FACTS: The compulsory retirement of Chief Justice Reynato S. Puno by May 17, 2010 occurs just days after
the coming presidential elections on May 10, 2010.

These cases trace their genesis to the controversy that has arisen from the forthcoming compulsory
retirement of Chief Justice Puno on May 17, 2010, or seven days after the presidential election. Under
Section 4(1), in relation to Section 9, Article VIII, that vacancy shall be filled within ninety days from the
occurrence thereof from a list of at least three nominees prepared by the Judicial and Bar Council for
every vacancy.

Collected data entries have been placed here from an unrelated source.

(* Let $x_0<\dots<x_n$ and $\hat x_0<\dots<\hat x_n$ be real numbers with $\hat x_0=x_0$, $\hat x_n=x_n$, let $\mathbf{y}\in\mathbb{R}^{n+1}$, $z_k=z_k(\mathbf{x},\hat{\mathbf{x}})$, $\hat c_k:=(\hat x_{k-1}+\hat x_k)/2$ for $1\le k\le n$, and $\hat{\mathbf{v}}:=\{\hat x_k:0\le k\le n\}\cup\{\hat c_k:1\le k\le n\}$. Then \[ \max_{x_0\le t\le x_n}|E(t;\mathbf{y},\mathbf{z})|\le\Lambda(\hat{\mathbf{v}})\max_{1\le k\le n}|E(\hat c_k;\mathbf{y},\mathbf{z})|. \]
   Context: $\lambda_k(\mathbf{x}):=1/\prod_{j\neq k}(x_k-x_j)$; $z_k(\mathbf{x},\hat{\mathbf{x}}):=(\lambda_k(\mathbf{x})-\lambda_k(\hat{\mathbf{x}}))/\lambda_k(\hat{\mathbf{x}})$. For $\mathbf{v}\in\mathbb{R}^{n+1}$, $P_{\mathbf{v}}$ is the polynomial of degree $\le n$ with $P_{\mathbf{v}}(\hat x_k)=v_k$; $E(t;\mathbf{y},\mathbf{z}):=P_{\mathbf{y}\mathbf{z}}(t)-P_{\mathbf{y}}(t)P_{\mathbf{z}}(t)$ with $(\mathbf{yz})_k=y_kz_k$. For a finite set of distinct points $\mathbf{u}\subset[x_0,x_n]$, $\Lambda(\mathbf{u}):=\max_{t\in[x_0,x_n]}\sum_{u\in\mathbf{u}}|\ell_u(t)|$, where $\ell_u$ are the Lagrange polynomials for polynomial interpolation at the points of $\mathbf{u}$. *)

From HB Require Import structures.
From mathcomp Require Import all_boot all_order all_algebra.
From mathcomp Require Import classical_sets reals.
Set Implicit Arguments. Unset Strict Implicit. Unset Printing Implicit Defensive.
Import Order.TTheory GRing.Theory Num.Theory.
Local Open Scope ring_scope.
Local Open Scope classical_set_scope.

Section Defs.
Variable R : realType.

Definition lam (n : nat) (x : 'I_n.+1 -> R) (k : 'I_n.+1) : R :=
  (\prod_(j < n.+1 | j != k) (x k - x j))^-1.

Definition zvec (n : nat) (x xh : 'I_n.+1 -> R) (k : 'I_n.+1) : R :=
  (lam x k - lam xh k) / lam xh k.

Definition Pint (n : nat) (xh : 'I_n.+1 -> R) (v : 'I_n.+1 -> R) (t : R) : R :=
  \sum_(k < n.+1) v k * \prod_(j < n.+1 | j != k) ((t - xh j) / (xh k - xh j)).

Definition Eerr (n : nat) (xh y z : 'I_n.+1 -> R) (t : R) : R :=
  Pint xh (fun k => y k * z k) t - Pint xh y t * Pint xh z t.

Definition lagr (s : seq R) (u t : R) : R :=
  \prod_(w <- s | w != u) ((t - w) / (u - w)).

Definition Lebesgue (a b : R) (s : seq R) : R :=
  sup [set \sum_(u <- s) `|lagr s u t| | t in [set t : R | a <= t <= b]].

(* midpoints hat c_k = (xh_{k-1} + xh_k)/2 for k = 1..n, indexed by k-1 : 'I_n *)
Definition cmid (n : nat) (xh : 'I_n.+1 -> R) (k : 'I_n) : R :=
  (xh (inord k) + xh (inord k.+1)) / 2.

Definition vhat (n : nat) (xh : 'I_n.+1 -> R) : seq R :=
  [seq xh k | k <- enum 'I_n.+1] ++ [seq cmid xh k | k <- enum 'I_n].

Definition strictly_incr (n : nat) (x : 'I_n.+1 -> R) : Prop :=
  forall i j : 'I_n.+1, (i < j)%N -> x i < x j.

End Defs.

From mathcomp Require Import all_boot all_order all_algebra.
From mathcomp Require Import reals.
From mathcomp Require Import zify lra.
Import Order.TTheory GRing.Theory Num.Theory.
Local Open Scope ring_scope.
Set Implicit Arguments. Unset Strict Implicit.

(* For any y and z, E(.; y, z) is a polynomial of degree at most 2n that
   vanishes at the nodes xh_k.  The 2n + 1 distinct points of vhat therefore
   interpolate it exactly, so Lagrange interpolation on vhat bounds |E(t)| by
   the Lebesgue constant of vhat times the largest value of |E| on vhat, which
   is attained at the midpoints. *)

Section LagrangeInterpolation.
Variable R : realType.
Implicit Types (s : seq R) (u w t a b : R).

Lemma size_sum_le (I : Type) (r : seq I) (P : pred I) (F : I -> {poly R}) m :
  (forall i, P i -> (size (F i) <= m)%N) -> (size (\sum_(i <- r | P i) F i)%R <= m)%N.
Proof.
move=> sizeF; apply: (big_ind (fun q : {poly R} => size q <= m)%N) => //.
- by rewrite size_poly0.
- by move=> ? ? ? ?; apply: leq_trans (size_polyD _ _) _; rewrite geq_max; apply/andP.
Qed.

Definition lagr_poly s u : {poly R} :=
  (\prod_(w <- s | w != u) (u - w)^-1) *: \prod_(w <- s | w != u) ('X - w%:P).

Lemma lagr_polyE s u t : (lagr_poly s u).[t] = lagr s u t.
Proof.
rewrite /lagr_poly hornerZ horner_prod /lagr -big_split /=.
by apply: eq_bigr => w _; rewrite hornerXsubC mulrC.
Qed.

Lemma size_lagr_poly s u : u \in s -> (size (lagr_poly s u) <= size s)%N.
Proof.
move=> us; apply: leq_trans (size_scale_leq _ _) _.
rewrite -big_filter size_prod_XsubC size_filter -(count_predC (pred1 u) s).
by rewrite -add1n leq_add2r -has_count has_pred1.
Qed.

Lemma lagr_id s u : lagr s u u = 1.
Proof. by rewrite /lagr big1 // => w wu; rewrite divff // subr_eq0 eq_sym. Qed.

Lemma lagr_eq0 s u w : w \in s -> u != w -> lagr s u w = 0.
Proof.
move=> ws uw; apply/eqP; rewrite /lagr prodf_seq_eq0; apply/hasP; exists w => //.
by rewrite eq_sym uw subrr mul0r eqxx.
Qed.

Lemma lagrange_interp s (p : {poly R}) t : uniq s -> (size p <= size s)%N ->
  p.[t] = \sum_(u <- s) p.[u] * lagr s u t.
Proof.
move=> us sp; set q := \sum_(u <- s) p.[u] *: lagr_poly s u.
suff pq : p = q by rewrite {1}pq horner_sum; apply: eq_bigr => u _; rewrite hornerZ lagr_polyE.
have size_q : (size q <= size s)%N.
  rewrite /q big_seq; apply: size_sum_le => u su.
  exact: leq_trans (size_scale_leq _ _) (size_lagr_poly su).
apply/eqP; rewrite eq_sym -subr_eq0; apply/eqP; apply: (roots_geq_poly_eq0 _ us).
- apply/allP => w ws; rewrite /root hornerD hornerN horner_sum (bigD1_seq w) //=.
  rewrite hornerZ lagr_polyE lagr_id mulr1 big1 ?addr0 ?subrr // => u uw.
  by rewrite hornerZ lagr_polyE lagr_eq0 ?mulr0.
- by apply: leq_trans (size_polyD _ _) _; rewrite size_polyN geq_max size_q.
Qed.

(* Any bound uniform in t would do: it only shows that the set whose supremum
   defines the Lebesgue constant is bounded above. *)
Lemma normr_lagr_le s u a b t : a <= t <= b ->
  `|lagr s u t| <= \prod_(w <- s | w != u) ((`|a| + `|b| + `|w|) * `|u - w|^-1).
Proof.
move=> /andP[ha hb].
have normt : `|t| <= `|a| + `|b|.
  have := ler_norm b; have := ler_norm (- a); rewrite normrN => na nb.
  have := normr_ge0 a; have := normr_ge0 b => a0 b0.
  by case: (lerP 0 t) => t0; [rewrite ger0_norm | rewrite ltr0_norm]; lra.
rewrite /lagr normr_prod; apply: ler_prod => w _; apply/andP; split => //.
rewrite normrM normfV; apply: ler_wpM2r; first by rewrite invr_ge0.
by apply: le_trans (ler_normB _ _) _; lra.
Qed.

Lemma sum_lagr_le_Lebesgue s a b t : a <= t <= b ->
  \sum_(u <- s) `|lagr s u t| <= Lebesgue a b s.
Proof.
move=> ht; apply: ub_le_sup; last by exists t.
exists (\sum_(u <- s) \prod_(w <- s | w != u) ((`|a| + `|b| + `|w|) * `|u - w|^-1)).
by move=> _ [t' ht' <-]; apply: ler_sum => u _; apply: normr_lagr_le.
Qed.

Lemma interp_norm_le_Lebesgue s (p : {poly R}) (M a b t : R) :
  uniq s -> (size p <= size s)%N -> 0 <= M -> (forall u, u \in s -> `|p.[u]| <= M) ->
  a <= t <= b -> `|p.[t]| <= Lebesgue a b s * M.
Proof.
move=> us sp M0 pM ht; rewrite (lagrange_interp t us sp).
apply: le_trans (ler_norm_sum _ _ _) _.
apply: (@le_trans _ _ (\sum_(u <- s) `|lagr s u t| * M)); last first.
  by rewrite -mulr_suml ler_wpM2r ?sum_lagr_le_Lebesgue.
rewrite !big_seq; apply: ler_sum => u su.
by rewrite normrM mulrC; apply: ler_wpM2l => //; apply: pM.
Qed.

End LagrangeInterpolation.

Section InterpolationAtNodes.
Variables (R : realType) (n : nat) (xh : 'I_n.+1 -> R).
Hypothesis xh_inj : injective xh.

Definition nodes : seq R := [seq xh k | k <- enum 'I_n.+1].

Lemma size_nodes : size nodes = n.+1.
Proof. by rewrite size_map size_enum_ord. Qed.

Lemma lagr_nodes (k : 'I_n.+1) t :
  lagr nodes (xh k) t = \prod_(j < n.+1 | j != k) ((t - xh j) / (xh k - xh j)).
Proof. by rewrite /lagr big_map big_enum_cond; apply: eq_bigl => j; rewrite inj_eq. Qed.

Lemma PintE (v : 'I_n.+1 -> R) t : Pint xh v t = \sum_(k < n.+1) v k * lagr nodes (xh k) t.
Proof. by apply: eq_bigr => k _; rewrite lagr_nodes. Qed.

Lemma Pint_node (v : 'I_n.+1 -> R) i : Pint xh v (xh i) = v i.
Proof.
rewrite PintE (bigD1 i) //= lagr_id mulr1 big1 ?addr0 // => k ki.
by rewrite lagr_eq0 ?mulr0 ?map_f ?mem_enum // inj_eq.
Qed.

Definition Pint_poly (v : 'I_n.+1 -> R) : {poly R} :=
  \sum_(k < n.+1) v k *: lagr_poly nodes (xh k).

Lemma Pint_polyE (v : 'I_n.+1 -> R) t : (Pint_poly v).[t] = Pint xh v t.
Proof.
rewrite PintE horner_sum; apply: eq_bigr => k _.
by rewrite hornerZ lagr_polyE.
Qed.

Lemma size_Pint_poly (v : 'I_n.+1 -> R) : (size (Pint_poly v) <= n.+1)%N.
Proof.
apply: size_sum_le => k _; apply: leq_trans (size_scale_leq _ _) _.
by rewrite -size_nodes size_lagr_poly ?map_f ?mem_enum.
Qed.

Definition Eerr_poly (y z : 'I_n.+1 -> R) : {poly R} :=
  Pint_poly (fun k => y k * z k) - Pint_poly y * Pint_poly z.

Lemma Eerr_polyE (y z : 'I_n.+1 -> R) t : (Eerr_poly y z).[t] = Eerr xh y z t.
Proof. by rewrite hornerD hornerN hornerM !Pint_polyE. Qed.

Lemma size_Eerr_poly (y z : 'I_n.+1 -> R) : (size (Eerr_poly y z) <= (n + n).+1)%N.
Proof.
apply: leq_trans (size_polyD _ _) _; rewrite size_polyN geq_max.
rewrite (leq_trans (size_Pint_poly _)) ?ltnS ?leq_addr //=.
apply: leq_trans (size_polyMleq _ _) _.
by have := size_Pint_poly y; have := size_Pint_poly z; lia.
Qed.

Lemma Eerr_node (y z : 'I_n.+1 -> R) i : Eerr xh y z (xh i) = 0.
Proof. by rewrite /Eerr !Pint_node subrr. Qed.

End InterpolationAtNodes.

Lemma incr_ord_inj (R : realType) (m : nat) (f : 'I_m -> R) :
  (forall i j : 'I_m, (i < j)%N -> f i < f j) -> injective f.
Proof.
move=> f_incr i j fij; apply/eqP; case: (ltngtP i j) => [ij | ji | /val_inj -> //].
- by have := f_incr _ _ ij; rewrite fij ltxx.
- by have := f_incr _ _ ji; rewrite fij ltxx.
Qed.

Section Midpoints.
Variables (R : realType) (n : nat) (xh : 'I_n.+1 -> R).
Hypothesis xh_incr : strictly_incr xh.

Lemma strictly_incr_le (i j : 'I_n.+1) : (i <= j)%N -> xh i <= xh j.
Proof. by rewrite leq_eqVlt => /orP[/eqP/val_inj -> // | /xh_incr/ltW]. Qed.

Lemma cmid_bounds (k : 'I_n) : xh (inord k) < cmid xh k < xh (inord k.+1).
Proof.
have : xh (inord k) < xh (inord k.+1).
  by apply: xh_incr; rewrite !inordK // ltnS // ltnW.
by rewrite /cmid => ?; apply/andP; split; lra.
Qed.

Lemma cmid_lt_node (k : 'I_n) (j : 'I_n.+1) : (k < j)%N -> cmid xh k < xh j.
Proof.
move=> kj; have /andP[_ ck] := cmid_bounds k.
by apply: lt_le_trans ck (strictly_incr_le _); rewrite inordK ?ltnS.
Qed.

Lemma node_lt_cmid (k : 'I_n) (j : 'I_n.+1) : (j <= k)%N -> xh j < cmid xh k.
Proof.
move=> jk; have /andP[kc _] := cmid_bounds k.
by apply: le_lt_trans kc; apply: strictly_incr_le; rewrite inordK // ltnS ltnW.
Qed.

Lemma cmid_incr (k l : 'I_n) : (k < l)%N -> cmid xh k < cmid xh l.
Proof.
move=> kl; have ln : (l < n.+1)%N by rewrite ltnS ltnW.
apply: (@lt_trans _ _ (xh (inord l))).
- by apply: cmid_lt_node; rewrite inordK.
- by apply: node_lt_cmid; rewrite inordK.
Qed.

Lemma size_vhat : size (vhat xh) = (n + n).+1.
Proof. by rewrite size_cat !size_map -!enumT !size_enum_ord addSn. Qed.

Lemma uniq_vhat : uniq (vhat xh).
Proof.
have xh_inj := incr_ord_inj xh_incr; have cmid_inj := incr_ord_inj cmid_incr.
rewrite cat_uniq !map_inj_uniq // -!enumT !enum_uniq andbT /=.
apply/hasPn => _ /mapP[k _ ->]; apply/mapP => -[j _ ckj].
by case: (leqP j k) => [/node_lt_cmid | /cmid_lt_node]; rewrite ckj ltxx.
Qed.

End Midpoints.

Theorem lemma3 (R : realType) (n : nat) (x xh y : 'I_n.+1 -> R) :
  strictly_incr x -> strictly_incr xh ->
  xh ord0 = x ord0 -> xh ord_max = x ord_max ->
  forall t : R, x ord0 <= t <= x ord_max ->
    `|Eerr xh y (zvec x xh) t|
      <= Lebesgue (x ord0) (x ord_max) (vhat xh)
         * \big[Num.max/0]_(k < n) `|Eerr xh y (zvec x xh) (cmid xh k)|.
Proof.
move=> _ xh_incr _ _ t ht; have xh_inj := incr_ord_inj xh_incr.
set E := Eerr xh y (zvec x xh); set M := \big[Num.max/0]_(k < n) `|E (cmid xh k)|.
have M0 : 0 <= M by apply: (big_ind (fun r => 0 <= r)) => // a b a0 _; rewrite le_max a0.
rewrite /E -(Eerr_polyE xh_inj); apply: interp_norm_le_Lebesgue ht => //.
- exact: uniq_vhat.
- by rewrite size_vhat size_Eerr_poly.
- move=> _ /[!mem_cat] /orP[] /mapP[k _ ->]; rewrite (Eerr_polyE xh_inj).
  + by rewrite Eerr_node // normr0.
  + exact: (le_bigmax 0 (fun k => `|E (cmid xh k)|) k).
Qed.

Also considering that Section 15, Article VII (Executive Department) of the Constitution
prohibits the President or Acting President from making appointments within two months immediately
before the next presidential elections and up to the end of his term, except temporary appointments to
executive positions when continued vacancies therein will prejudice public service or endanger public
safety.

The JBC, in its en banc meeting of January 18, 2010, unanimously agreed to start the process of filling up
the position of Chief Justice.

Conformably with its existing practice, the JBC automatically considered for the position of Chief Justice
the five most senior of the Associate Justices of the Court, namely: Associate Justice Antonio T. Carpio;
Associate Justice Renato C. Corona; Associate Justice Conchita Carpio Morales; Associate Justice
Presbitero J. Velasco, Jr.; and Associate Justice Antonio Eduardo B. Nachura. However, the last two
declined their nomination through letters dated January 18, 2010 and January 25, 2010, respectively.
The OSG contends that the incumbent President may appoint the next Chief Justice, because the
prohibition under Section 15, Article VII of the Constitution does not apply to appointments in the Supreme
Court. It argues that any vacancy in the Supreme Court must be filled within 90 days from its occurrence,
pursuant to Section 4(1), Article VIII of the Constitution; that had the framers intended the prohibition to
apply to Supreme Court appointments, they could have easily expressly stated so in the Constitution, which
explains why the prohibition found in Article VII (Executive Department) was not written in Article VIII
(Judicial Department); and that the framers also incorporated in Article VIII ample restrictions or limitations
on the Presidents power to appoint members of the Supreme Court to ensure its independence from
political vicissitudes and its insulation from political pressures, such as stringent qualifications for the
positions, the establishment of the JBC, the specified period within which the President shall appoint a
Supreme Court Justice.

A part of the question to be reviewed by the Court is whether the JBC properly initiated the process, there
being an insistence from some of the oppositors-intervenors that the JBC could only do so once the
vacancy has occurred (that is, after May 17, 2010). Another part is, of course, whether the JBC may resume
its process until the short list is prepared, in view of the provision of Section 4(1), Article VIII, which
unqualifiedly requires the President to appoint one from the short list to fill the vacancy in the Supreme
Court (be it the Chief Justice or an Associate Justice) within 90 days from the occurrence of the vacancy.
ISSUE: Whether the incumbent President can appoint the successor of Chief Justice Puno upon his
retirement.

HELD:

Prohibition under Section 15, Article VII does not apply to appointments to fill a vacancy in the Supreme
Court or to other appointments to the Judiciary.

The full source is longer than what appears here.